START INFORMATION
(* Let $u$ be a 5-complex number with $0<\theta_+<\pi/2$ and $0<\psi_1<\pi/2$. Then $$u=\rho\exp\left\{\frac15(h_1+h_2+h_3+h_4)\ln\frac{\sqrt2}{\tan\theta_+}+\left[\frac{\sqrt5+1}{10}(h_1+h_4)-\frac{\sqrt5-1}{10}(h_2+h_3)\right]\ln\tan\psi_1+\tilde e_1\phi_1+\tilde e_2\phi_2\right\},$$ where the exponential of a 5-complex number $w$ is $\exp w=\sum_{n\ge0}w^n/n!$.
   Context: A 5-complex number is $u=x_0+h_1x_1+h_2x_2+h_3x_3+h_4x_4$ with real $x_j$, with componentwise addition and the commutative associative bilinear multiplication determined by $h_jh_k=h_{(j+k)\bmod 5}$, $h_0=1$. Canonical variables: $v_+=\sum_{j=0}^4x_j$ and, for $k=1,2$, $v_k=\sum_j x_j\cos(2\pi kj/5)$, $\tilde v_k=\sum_jx_j\sin(2\pi kj/5)$. For $k=1,2$: $\rho_k^2=v_k^2+\tilde v_k^2$ ($\rho_k\ge0$), $\phi_k\in[0,2\pi)$ with $\cos\phi_k=v_k/\rho_k$, $\sin\phi_k=\tilde v_k/\rho_k$. Planar angle $\psi_1\in[0,\pi/2]$: $\tan\psi_1=\rho_1/\rho_2$. Polar angle $\theta_+\in[0,\pi]$: $\tan\theta_+=\sqrt2\rho_1/v_+$. Amplitude $\rho=(v_+\rho_1^2\rho_2^2)^{1/5}$. Canonical basis elements (with $h_0=1$): $\tilde e_k=\frac25\sum_{j=0}^4\sin(2\pi kj/5)\,h_j$ for $k=1,2$. *)

From HB Require Import structures.
From mathcomp Require Import all_boot all_order all_algebra.
From mathcomp Require Import all_classical all_reals all_analysis.
Set Implicit Arguments. Unset Strict Implicit. Unset Printing Implicit Defensive.
Import Order.TTheory GRing.Theory Num.Theory numFieldNormedType.Exports.
Local Open Scope ring_scope.

Section FiveComplex.
Variable R : realType.

(* A 5-complex number u = x_0 + h_1 x_1 + ... + h_4 x_4 is the row vector
   of its real components (x_0,...,x_4). *)
Definition C5 := 'rV[R]_5.

Definition h5 (j : nat) : C5 := \row_(k < 5) (if (k : nat) == (j %% 5)%N then 1 else 0).

Definition mul5 (u v : C5) : C5 :=
  \sum_(i < 5) \sum_(j < 5) (u 0 i * v 0 j) *: h5 (i + j)%N.

Fixpoint pow5 (w : C5) (n : nat) : C5 :=
  match n with O => h5 0 | S m => mul5 w (pow5 w m) end.

Definition exp5_partial (w : C5) (N : nat) : C5 :=
  \sum_(n < N) (n`!%:R)^-1 *: pow5 w n.

Definition exp5 (w : C5) : C5 :=
  \row_(k < 5) limn (fun N : nat => (exp5_partial w N 0 k : R^o)).

Definition vplus (u : C5) : R := \sum_(j < 5) u 0 j.
Definition vk (k : nat) (u : C5) : R :=
  \sum_(j < 5) u 0 j * cos (2 * pi * (k * j)%N%:R / 5).
Definition vtk (k : nat) (u : C5) : R :=
  \sum_(j < 5) u 0 j * sin (2 * pi * (k * j)%N%:R / 5).
Definition rhok (k : nat) (u : C5) : R := Num.sqrt (vk k u ^+ 2 + vtk k u ^+ 2).
Definition rho5 (u : C5) : R :=
  powR (vplus u * rhok 1 u ^+ 2 * rhok 2 u ^+ 2) (5%:R^-1).

Definition etilde (k : nat) : C5 :=
  \sum_(j < 5) (2 / 5 * sin (2 * pi * (k * j)%N%:R / 5)) *: h5 j.

End FiveComplex.

From HB Require Import structures.
From mathcomp Require Import all_boot all_order all_algebra.
From mathcomp Require Import all_classical all_reals all_analysis.
From mathcomp Require Import complex ring lra zify.
Import Order.TTheory GRing.Theory Num.Theory numFieldNormedType.Exports.
Local Open Scope classical_set_scope.
Local Open Scope ring_scope.

Set Implicit Arguments. Unset Strict Implicit. Unset Printing Implicit Defensive.

(* With zeta = exp (2 i pi / 5), the maps v |-> sum_j v_j zeta^(k j), k < 5,
   are ring morphisms from the 5-complex numbers to C which together determine
   v (discrete Fourier inversion) and commute with the exponential series, so
   exp w is the 5-complex number whose k-th transform is the complex
   exponential of the k-th transform of w.  The transforms of the exponent of
   the theorem are 4 A + 2 L / 5, - A + 2 L / 5 + i phi_1 and
   - A - 3 L / 5 + i phi_2, where A = ln (sqrt 2 / tan theta_+) / 5 and
   L = ln (tan psi_1), while those of u are v_+, rho_1 e^(i phi_1) and
   rho_2 e^(i phi_2); the amplitude rho = (v_+ rho_1^2 rho_2^2)^(1/5) makes
   the moduli agree.  The indices k = 3, 4 follow by complex conjugation.
   Convergence of the complex exponential series reduces, by a Cauchy
   product, to that of the real exponential, cosine and sine series. *)

Section CauchyProduct.
Variable R : realType.
Implicit Types f g F G : nat -> R.

Definition cauchy_series f g N :=
  \sum_(0 <= n < N) \sum_(0 <= i < n.+1) f i * g (n - i)%N.

Definition cauchy_defect f g N :=
  \sum_(0 <= i < N) \sum_(N - i <= j < N) f i * g j.

Lemma sum_triangle (h : nat -> nat -> R) N :
  \sum_(0 <= n < N) \sum_(0 <= i < n.+1) h i (n - i)%N =
  \sum_(0 <= i < N) \sum_(0 <= j < N - i) h i j.
Proof.
elim: N => [|N IH]; first by rewrite !big_geq.
rewrite big_nat_recr // IH /=.
have -> : \sum_(0 <= i < N.+1) \sum_(0 <= j < N.+1 - i) h i j =
    \sum_(0 <= i < N.+1) (\sum_(0 <= j < N - i) h i j + h i (N - i)%N).
  by apply: eq_big_nat => i /andP[_ le_iN]; rewrite subSn // big_nat_recr.
rewrite big_split /=; congr (_ + _).
by rewrite [RHS]big_nat_recr //= subnn [X in _ = _ + X]big_geq // addr0.
Qed.

Lemma seriesM_cauchy f g N :
  series f N * series g N = cauchy_series f g N + cauchy_defect f g N.
Proof.
rewrite /series /= /cauchy_series /cauchy_defect (sum_triangle (fun i j => f i * g j)).
rewrite -big_split /= big_distrl /=; apply: eq_big_nat => i _.
by rewrite big_distrr /= -big_cat_nat // leq_subr.
Qed.

Lemma norm_cauchy_defect_le f g F G N :
  (forall i, `|f i| <= F i) -> (forall i, `|g i| <= G i) ->
  `|cauchy_defect f g N| <= cauchy_defect F G N.
Proof.
move=> fF gG; apply: le_trans (ler_norm_sum _ _ _) _; apply: ler_sum => i _.
apply: le_trans (ler_norm_sum _ _ _) _; apply: ler_sum => j _.
by rewrite normrM ler_pM.
Qed.
(* Let $d\ge2$, $a\ge d$, $d'=1$, $t\ge2$, and fix $n\ne j$ in $[t]$. Let $F_{n,j}$ be the $D\times d$ matrix, $D=\binom{d+1}{2}$, with rows indexed by $\{k_1,k_2\}\in\operatorname{Mult}_2([d])$, columns by $k_3\in[d]$, and entries $y_{n,j}(\{k_1,k_2\},k_3)$. Then there exist at least $\binom{D}{d}-\binom{2d-1}{d}$ linearly independent homogeneous polynomials of degree $d$, each a linear combination of the maximal $d\times d$ minors of $F_{n,j}$, that vanish on the attention variety.
   Context: Setup: $Q,K\in\mathbb R^{a\times d}$, $V\in\mathbb R^{1\times d}$, $A=K^\top Q$, $\varphi_W(X)=VX(X^\top AX)$ for $X=(x_{kn})\in\mathbb R^{d\times t}$. For $\mathcal A\in\operatorname{Mult}_2([d])$ (size-2 multisets on $[d]$), $b\in[d]$, $n\ne j$: $c_{n,j}(\mathcal A,b)$ is the coefficient of $(\prod_{u\in\mathcal A}x_{un})x_{bj}$ in $\varphi_W(X)[1,j]$ and $y_{n,j}(\mathcal A,b)=c_{n,j}(\mathcal A,b)/|\operatorname{Perm}(\mathcal A)|$, $\operatorname{Perm}$ the set of distinct orderings. $\mu$ maps $W=(Q,K,V)$ to all scaled coefficients (ambient coordinates with the same names); the attention variety is the Zariski closure of $\operatorname{im}\mu$. *)

From HB Require Import structures.
From mathcomp Require Import all_boot all_order all_algebra.
From mathcomp Require Import mpoly.
From mathcomp Require Import reals.

Set Implicit Arguments.
Unset Strict Implicit.
Unset Printing Implicit Defensive.

Import Order.TTheory GRing.Theory Num.Theory.
Local Open Scope ring_scope.

(* Size-2 multisets on [d] = {0,...,d-1}: unordered pairs {k1,k2} encoded as
   ordered pairs with k1 <= k2. *)
Definition M2 (d : nat) := {p : 'I_d * 'I_d | (p.1 <= p.2)%N}.
HB.instance Definition _ d := Finite.on (M2 d).

(* |Perm(A)| : number of distinct orderings of the multiset A *)
Definition permsz d (m : M2 d) : nat :=
  if (val m).1 == (val m).2 then 1%N else 2%N.

Definition Xmat (R : nzRingType) (d t : nat) : 'M[{mpoly R[d * t]}]_(d, t) :=
  \matrix_(k < d, n < t) 'X_(mxvec_index k n).

Definition phiW (R : comNzRingType) (a d t : nat) (Q K : 'M[R]_(a, d))
    (V : 'rV[R]_d) : 'M[{mpoly R[d * t]}]_(1, t) :=
  let A := K^T *m Q in
  let C := fun (m n : nat) (M : 'M[R]_(m, n)) => map_mx (fun x => x%:MP) M in
  (C _ _ V *m Xmat R d t) *m (((Xmat R d t)^T *m C _ _ A) *m Xmat R d t).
END INFORMATION
■ WORK TO COMPLETE: Would you quote everything above from the line containing "series f N *" down to the line containing "ordered pairs with k1 <= k2. *)"? Include both of those lines and nothing else.

■ EXPECTED OUTPUT:
  series f N * series g N = cauchy_series f g N + cauchy_defect f g N.
Proof.
rewrite /series /= /cauchy_series /cauchy_defect (sum_triangle (fun i j => f i * g j)).
rewrite -big_split /= big_distrl /=; apply: eq_big_nat => i _.
by rewrite big_distrr /= -big_cat_nat // leq_subr.
Qed.

Lemma norm_cauchy_defect_le f g F G N :
  (forall i, `|f i| <= F i) -> (forall i, `|g i| <= G i) ->
  `|cauchy_defect f g N| <= cauchy_defect F G N.
Proof.
move=> fF gG; apply: le_trans (ler_norm_sum _ _ _) _; apply: ler_sum => i _.
apply: le_trans (ler_norm_sum _ _ _) _; apply: ler_sum => j _.
by rewrite normrM ler_pM.
Qed.
(* Let $d\ge2$, $a\ge d$, $d'=1$, $t\ge2$, and fix $n\ne j$ in $[t]$. Let $F_{n,j}$ be the $D\times d$ matrix, $D=\binom{d+1}{2}$, with rows indexed by $\{k_1,k_2\}\in\operatorname{Mult}_2([d])$, columns by $k_3\in[d]$, and entries $y_{n,j}(\{k_1,k_2\},k_3)$. Then there exist at least $\binom{D}{d}-\binom{2d-1}{d}$ linearly independent homogeneous polynomials of degree $d$, each a linear combination of the maximal $d\times d$ minors of $F_{n,j}$, that vanish on the attention variety.
   Context: Setup: $Q,K\in\mathbb R^{a\times d}$, $V\in\mathbb R^{1\times d}$, $A=K^\top Q$, $\varphi_W(X)=VX(X^\top AX)$ for $X=(x_{kn})\in\mathbb R^{d\times t}$. For $\mathcal A\in\operatorname{Mult}_2([d])$ (size-2 multisets on $[d]$), $b\in[d]$, $n\ne j$: $c_{n,j}(\mathcal A,b)$ is the coefficient of $(\prod_{u\in\mathcal A}x_{un})x_{bj}$ in $\varphi_W(X)[1,j]$ and $y_{n,j}(\mathcal A,b)=c_{n,j}(\mathcal A,b)/|\operatorname{Perm}(\mathcal A)|$, $\operatorname{Perm}$ the set of distinct orderings. $\mu$ maps $W=(Q,K,V)$ to all scaled coefficients (ambient coordinates with the same names); the attention variety is the Zariski closure of $\operatorname{im}\mu$. *)

From HB Require Import structures.
From mathcomp Require Import all_boot all_order all_algebra.
From mathcomp Require Import mpoly.
From mathcomp Require Import reals.

Set Implicit Arguments.
Unset Strict Implicit.
Unset Printing Implicit Defensive.

Import Order.TTheory GRing.Theory Num.Theory.
Local Open Scope ring_scope.

(* Size-2 multisets on [d] = {0,...,d-1}: unordered pairs {k1,k2} encoded as
   ordered pairs with k1 <= k2. *)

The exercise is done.